● Problem details
With both ends included, repeat exactly the lines of the entries below from the one containing "rewrite (cvg_shiftS (fun n => n.+1%:R^-1" down to the one containing "(fun n => (1", and no others.

Stored items
Lemma ergodic_avg_le f : Rintegrable mu f -> {ae mu, forall x, forall e, 0 < e ->
  \forall n \near \oo, n%:R^-1 * ergodic_sum f n x <= \int[mu]_x f x + e}.
Proof.
move=> fi; set c := \int[mu]_x f x.
have : {ae mu, forall x, forall j, ~ limsup_above f (c + j.+1%:R^-1) x}.
  apply: ae_foralln => j; exists (limsup_above f (c + j.+1%:R^-1)); split.
  - exact: measurable_limsup_above (Rintegrable_measurable fi).
  - by apply: (limsup_above_null fi); rewrite ltrDl invr_gt0 ltr0n.
  - by move=> x /= /contrapT.
apply: filterS => x not_above e e0.
have e20 : 0 < e / 2 by rewrite divr_gt0.
have [j _ /(_ j (leqnn j)) je] := near_infty_natSinv_lt (PosNum e20).
have {}je : j.+1%:R^-1 < e / 2 := je.
have /not_often_above : ~ often_above f (c + j.+1%:R^-1 + j.+1%:R^-1) x.
  by move=> above; apply: (not_above j); exists j.
apply: filterS => n /le_trans; apply.
by rewrite -addrA lerD2l [leRHS]splitr ltW // ltrD.
Qed.

Theorem birkhoff f : Rintegrable mu f ->
  {ae mu, forall x, (fun n => n%:R^-1 * ergodic_sum f n x) @ \oo --> \int[mu]_x f x}.
Proof.
move=> fi; apply: filterS2 (ergodic_avg_le fi) (ergodic_avg_le (RintegrableN fi)).
move=> x ub lb; apply/cvgrPdist_le => e e0.
apply: filterS2 (ub e e0) (lb e e0) => n.
rewrite ergodic_sumN mulrN RintegralN // => ubn lbn.
rewrite ler_norml; apply/andP; split; lra.
Qed.
End birkhoff.

Lemma cvg_avg_shift (R : realType) (u : nat -> R) (c : R) (k : nat) :
  (fun n => n%:R^-1 * u n) @ \oo --> c ->
  (fun n => n%:R^-1 * (u n.+1 - u k)) @ \oo --> c.
Proof.
move=> avg_c.
have avg_c2 : (fun n => n.+2%:R^-1 * u n.+2) @ \oo --> c.
  rewrite (cvg_shiftS (fun n => n.+1%:R^-1 * u n.+1)).
  by rewrite (cvg_shiftS (fun n => n%:R^-1 * u n)).
suff : (fun n => n.+1%:R^-1 * (u n.+2 - u k)) @ \oo --> c.
  by rewrite (cvg_shiftS (fun n => n%:R^-1 * (u n.+1 - u k))).
have -> : (fun n => n.+1%:R^-1 * (u n.+2 - u k)) =
    (fun n => (1 + harmonic n) * (n.+2%:R^-1 * u n.+2) - harmonic n * u k).
  apply/funext => n /=; rewrite /harmonic /= -(@natr1 R n.+1).
  have n_ge0 : (0 : R) <= n%:R by rewrite ler0n.
  by field; rewrite !gt_eqF //; lra.
have -> : c = (1 + 0) * c - 0 * u k by rewrite addr0 mul1r mul0r subr0.
apply: cvgB; apply: cvgM; do ?[exact: cvg_cst|exact: cvg_harmonic|exact: avg_c2].
exact: cvgD (cvg_cst _) cvg_harmonic.
Qed.

Definition path_space (R : realType) := g_sigma_algebraType (@cylinders R).

Section path_space.
Context (R : realType).
Local Notation path_space := (path_space R).

Lemma measurable_coord t : measurable_fun setT (fun x : path_space => x t).
Proof.
move=> _ A mA; rewrite setTI; apply: sub_sigma_algebra.
by exists t, A; split.
Qed.

Lemma measurable_shift : measurable_fun setT (Defs.shift : path_space -> path_space).
Proof.
apply: (@measurability _ _ path_space path_space setT _ (@cylinders R)) => //.
move=> _ [_ [t [A [mA ->]]] <-].
by rewrite setTI; apply: sub_sigma_algebra; exists (t + 1), A.
Qed.

Lemma iter_shift k (x : path_space) t : iter k Defs.shift x t = x (t + k%:Z).
Proof.
elim: k t => [|k IHk] t /=; first by rewrite addr0.
by rewrite /Defs.shift IHk intS addrA.
Qed.

Lemma Rintegral_shift_invariant (mu : probability path_space R)
    (G : int -> path_space -> R) :
  (forall B : set path_space, measurable B -> mu (Defs.shift @^-1` B) = mu B) ->
  (forall t, G (t + 1) = G t \o Defs.shift) -> (forall t, Rintegrable mu (G t)) ->
  forall t, \int[mu]_x G t x = \int[mu]_x G 0 x.
Proof.
move=> preserving GS Gi.
have shiftE := Rintegral_comp_preserving measurable_shift preserving.
elim/int_rec => [//|n IHn|n IHn]; first by rewrite intS addrC GS shiftE.
rewrite -IHn; have -> : G (- n%:Z) = G (- n.+1%:Z) \o Defs.shift.
  by rewrite -GS; congr G; rewrite intS; ring.
by rewrite shiftE.
Qed.

End path_space.

Section canonical_process.
Context (R : realType) d (T : measurableType d) (P : probability T R).
Context (X : int -> T -> R).
Hypothesis mX : forall t, measurable_fun setT (X t).

Definition path (w : T) : path_space R := fun t => X t w.

Lemma measurable_path : measurable_fun setT path.
Proof.
apply: (@measurability _ _ T (path_space R) setT path (@cylinders R)) => //.
by move=> _ [_ [t [A [mA ->]]] <-]; rewrite setTI -[X in measurable X]setTI; exact: mX.
Qed.

Definition path_law : probability (path_space R) R :=
  distribution P (MeasurableFun.Pack (MeasurableFun.Class
    (isMeasurableFun.Build _ _ _ _ _ measurable_path))).

Lemma ae_path (Q : path_space R -> Prop) :
  {ae path_law, forall x, Q x} -> {ae P, forall w, Q (path w)}.
Proof.
move=> [N [mN N0 notQN]]; exists (path @^-1` N); split.
- by rewrite -[_ @^-1` _]setTI; exact: measurable_path.
- exact: N0.
- by move=> w /= notQ; apply: notQN.
Qed.

Lemma Rintegrable_path (G : path_space R -> R) : measurable_fun setT G ->
  Rintegrable P (G \o path) -> Rintegrable path_law G.
Proof.
move=> mG Gi; have mEG : measurable_fun setT (EFin \o G) by exact/measurable_EFinP.
exact: (integrable_pushforward measurable_path mEG Gi measurableT).
Qed.

Lemma Rintegral_path (G : path_space R -> R) : measurable_fun setT G ->
  Rintegrable P (G \o path) -> \int[path_law]_x G x = \int[P]_w G (path w).
Proof.
move=> mG Gi; have mEG : measurable_fun setT (EFin \o G) by exact/measurable_EFinP.
rewrite /Rintegral /path_law /distribution.
by rewrite (integral_pushforward measurable_path mEG Gi).
Qed.

Lemma stationary_shift_preserving : strictly_stationary P X ->
  forall B : set (path_space R), measurable B ->
  path_law (Defs.shift @^-1` B) = path_law B.
Proof. by move=> stat B mB; exact/esym/stat. Qed.

Lemma ergodic_shift : ergodic P X -> forall B : set (path_space R), measurable B ->
  Defs.shift @^-1` B = B -> path_law B = 0%E \/ path_law B = 1%E.
Proof. by move=> erg B mB; exact: erg. Qed.

End canonical_process.

Lemma sum_tail (R : zmodType) (F : nat -> R) h n : (h <= n)%N ->
  \sum_(h.+1 <= t < n.+1) F t = \sum_(0 <= t < n.+1) F t - \sum_(0 <= t < h.+1) F t.
Proof. by move=> hn; rewrite (@big_cat_nat _ _ _ h.+1 0 n.+1) //= addrC addrK. Qed.

Section lag_averages.
Context (R : realType) d (T : measurableType d) (P : probability T R).
Context (X : int -> T -> R) (g : R -> R -> R) (h : nat).
Hypothesis mX : forall t, measurable_fun setT (X t).
Hypothesis mg : measurable_fun setT (fun p : R * R => g p.1 p.2).
Hypothesis gi : forall t, Rintegrable P (fun w => g (X t w) (X (t - h%:Z) w)).

Let G t (x : path_space R) := g (x t) (x (t - h%:Z)).

Let mG t : measurable_fun setT (G t).
Proof.
exact: measurableT_comp mg
  (measurable_fun_pair (measurable_coord t) (measurable_coord _)).
Qed.

Let Gi t : Rintegrable (path_law P mX) (G t).
Proof. exact: Rintegrable_path (mG t) (gi t). Qed.

Lemma Rintegral_lag_stationary : strictly_stationary P X -> forall t,
  \int[P]_w g (X t w) (X (t - h%:Z) w) = \int[P]_w g (X 0 w) (X (0 - h%:Z) w).
Proof.
move=> stat t; rewrite -!(Rintegral_path mX (mG _) (gi _)).
apply: Rintegral_shift_invariant => // [|s].
  exact: stationary_shift_preserving.
by apply/funext => x; rewrite /G /= /Defs.shift addrAC.
Qed.

Lemma lag_average_cvg : strictly_stationary P X -> ergodic P X ->
  {ae P, forall w,
    (fun n => n%:R^-1 * \sum_(h.+1 <= t < n.+1) g (X t%:Z w) (X (t%:Z - h%:Z) w))
      @ \oo --> \int[P]_w g (X 0 w) (X (0 - h%:Z) w)}.
Proof.
move=> stat erg; rewrite -(Rintegral_path mX (mG 0) (gi 0)).
have := birkhoff (@measurable_shift R) (stationary_shift_preserving mX stat)
  (ergodic_shift mX erg) (Gi 0).
move=> /ae_path; apply: filterS => w /(cvg_avg_shift h.+1).
apply: cvg_trans; apply: near_eq_cvg; exists h => // n /= hn.
rewrite sum_tail //; congr (_ * (_ - _)); apply: eq_bigr => k _;
  by rewrite /G !iter_shift add0r sub0r addrC.
Qed.

End lag_averages.

Section sample_autocorrelations.
Context (R : realType) d (T : measurableType d) (X : int -> T -> R).

Lemma ind_nz01 t w : ind_nz X t w = 0 \/ ind_nz X t w = 1.
Proof. by rewrite /ind_nz; case: ifP; [right|left]. Qed.

Lemma ind_nz_lag01 h t w :
  ind_nz X t w * ind_nz X (t - h) w = 0 \/ ind_nz X t w * ind_nz X (t - h) w = 1.
Proof.
by case: (ind_nz01 t w) => ->; case: (ind_nz01 (t - h) w) => ->;
  rewrite ?mulr0 ?mul0r ?mulr1; [left|left|left|right].
Qed.

Lemma rhopr_hat_cvg w h (s gamma p p0 : R) : s != 0 -> p0 != 0 -> p != 0 ->
  (fun n => gamma0_hat X n h w) @ \oo --> gamma ->
  (fun n => gamma0_hat X n 0 w) @ \oo --> s * p0 ->
  (fun n => gammaa_hat X n h w) @ \oo --> p ->
  (fun n => gammaa_hat X n 0 w) @ \oo --> p0 ->
  (fun n => rhopr_hat X n h w) @ \oo --> s^-1 * gamma / p.
Proof.
move=> s_neq0 p0_neq0 p_neq0 gamma_cvg gamma0_cvg p_cvg p0_cvg.
have -> : s^-1 * gamma / p = gamma / (s * p0) * p0 / p by field; apply/and3P.
apply: cvgM; last exact: cvgV.
by apply: cvgM => //; apply: cvgM => //; apply: cvgV; rewrite // mulf_neq0.
Qed.

End sample_autocorrelations.

Lemma measurable_nz_ind (R : realType) :
  measurable_fun setT (fun a : R => if a != 0 then 1 else 0 : R).
Proof.
have -> : (fun a : R => if a != 0 then 1 else 0 : R) = \1_(~` [set 0]).
  apply/funext => a; rewrite indicE; have [->|a0] := eqVneq a 0.
    by rewrite memNset //= => /(_ erefl).
  by rewrite mem_set //=; exact/eqP.
by apply: measurable_indic; apply: measurableC; exact: measurable_set1.
Qed.

Section scaled_process.
Context (R : realType) d (T : measurableType d) (P : probability T R).
Context (sigma : R) (eps : int -> T -> R).
Hypothesis sigma_gt0 : 0 < sigma.
Hypothesis meps : forall t, measurable_fun setT (eps t).
Hypothesis r2i : forall t, Rintegrable P (fun w => (sigma * eps t w) ^+ 2).

Local Notation r := (fun t w => sigma * eps t w).
Local Notation a := (ind_nz r).

Lemma measurable_scaled t : measurable_fun setT (r t).
Proof. by apply: measurable_funM => //; exact: measurable_cst. Qed.

Lemma Rintegrable_scaled_lag t s : Rintegrable P (fun w => r t w * r s w).
Proof.
exact: Rintegrable_mul_sqr (measurable_scaled t) (measurable_scaled s) (r2i t) (r2i s).
Qed.

Lemma measurable_scaled_ind t : measurable_fun setT (a t).
Proof.
have -> : a t = (fun x : R => if x != 0 then 1 else 0 : R) \o r t by [].
by apply: measurableT_comp; [exact: measurable_nz_ind|exact: measurable_scaled].
Qed.

Lemma measurable_lag_ind (h : nat) t :
  measurable_fun setT (fun w => a t w * a (t - h%:Z) w).
Proof. by apply: measurable_funM; exact: measurable_scaled_ind. Qed.

Lemma Rintegrable_lag_ind (h : nat) t : Rintegrable P (fun w => a t w * a (t - h%:Z) w).
Proof.
apply: (Rintegrable_le (measurable_lag_ind h t) (Rintegrable_cst P 1)) => w.
by case: (ind_nz_lag01 r h%:Z t w) => ->; rewrite ?normr0 ?normr1.
Qed.

Lemma eps_lag_support (h : nat) t w :
  a t w * a (t - h%:Z) w <> 1 -> eps t w * eps (t - h%:Z) w = 0.
Proof.
rewrite /ind_nz !mulf_eq0 (gt_eqF sigma_gt0) /=.
by case: (eps t w =P 0) => [->|_]; case: (eps (t - h%:Z) w =P 0) => [->|_];
  rewrite ?mul0r ?mulr0 ?mulr1.
Qed.
Lemma eval_C n (v : 'I_n -> A) (t : term C n) : (forall i, C (v i)) -> C (eval v t).
Proof.
case: HC => C0 CU CI CB Cv.
by elim: t => //= [[c Cc]|t1 ? t2 ?|t1 ? t2 ?|t1 ? t2 ?]; auto.
Qed.

Lemma const_join_C n (t : term C n) : C (const_join t).
Proof.
case: HC => C0 CU CI CB.
by elim: t => //= [[c Cc]|t1 ? t2 ?|t1 ? t2 ?|t1 ? t2 ?]; auto.
Qed.

Lemma forbidden_C (r : term C 1) : C (forbidden r).
Proof. by case: HC => _ _ CI _; apply/CI/const_join_C/eval_C => i; exact: const_join_C. Qed.

Definition eq_term n (e : equation C n) : term C n :=
  Tjoin (Tdiff e.1 e.2) (Tdiff e.2 e.1).

Lemma eval_eq_term_eq0 n (v : 'I_n -> A) (e : equation C n) :
  (eval v (eq_term e) == \bot) = (eval v e.1 == eval v e.2).
Proof. by rewrite /= join_eq0 !diff_eq0 eq_le. Qed.

Definition sys_term n (F : seq (equation C n)) : term C n :=
  foldr (fun e t => Tjoin (eq_term e) t) (Tzero C n) F.

Lemma sys_termP n (v : 'I_n -> A) (F : seq (equation C n)) :
  eval v (sys_term F) == \bot <-> solves v (fun e => In e F).
Proof.
elim: F => [|e F IH]; first by split=> // _ e [].
have -> : eval v (sys_term (e :: F)) = eval v (eq_term e) `|` eval v (sys_term F) by [].
rewrite join_eq0 eval_eq_term_eq0.
split=> [/andP[/eqP eqe /IH solF] e' [<-|/solF]|sol] //.
apply/andP; split; first by apply/eqP/sol; left.
by apply/IH => e' Fe'; apply: sol; right.
Qed.

Lemma wen_root_term (S : equation C 1 -> Prop) : weakly_eq_noetherian C ->
  exists r : term C 1, forall x, solves (pt x) S <-> eval (pt x) r == \bot.
Proof.
move=> /(_ 1 S)[F SF]; exists (sys_term F) => x.
by rewrite sys_termP; exact: SF.
Qed.

(* A one-variable term with a root has its value at [\bot] as least root. *)
Lemma wen_bounded_sup : weakly_eq_noetherian C -> bounded_sup_in.
Proof.
move=> W S SC [u ub_u].
pose sys e := exists s (Ss : S s), e = (Tjoin (cst 1 (SC s Ss)) x0, x0).
have [r rP] : exists r : term C 1, forall x, upper_bound S x <-> eval (pt x) r == \bot.
  have [r rP] := wen_root_term sys W; exists r => x; rewrite -rP.
  split=> [ub _ [s [Ss ->]]|sol s Ss]; first exact/join_idPr/ub.
  exact/join_idPr/(sol _ (ex_intro _ s (ex_intro _ Ss erefl))).
have /rP := ub_u; rewrite eval_pt_eq0 => /and3P[le_bu dis_u le_uK].
exists (eval (pt \bot) r); split; last by apply: eval_C => i; have [] := HC.
split=> [|w /rP]; last by rewrite eval_pt_eq0 => /and3P[].
apply/rP; rewrite eval_pt_eq0 lexx /= -lex0; apply/andP; split.
  by rewrite (le_trans (leI2 le_bu (lexx _))) ?lex0.
by apply/implyP => /(implyP le_uK); exact: le_trans.
Qed.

● Result
  rewrite (cvg_shiftS (fun n => n.+1%:R^-1 * u n.+1)).
  by rewrite (cvg_shiftS (fun n => n%:R^-1 * u n)).
suff : (fun n => n.+1%:R^-1 * (u n.+2 - u k)) @ \oo --> c.
  by rewrite (cvg_shiftS (fun n => n%:R^-1 * (u n.+1 - u k))).
have -> : (fun n => n.+1%:R^-1 * (u n.+2 - u k)) =
    (fun n => (1 + harmonic n) * (n.+2%:R^-1 * u n.+2) - harmonic n * u k).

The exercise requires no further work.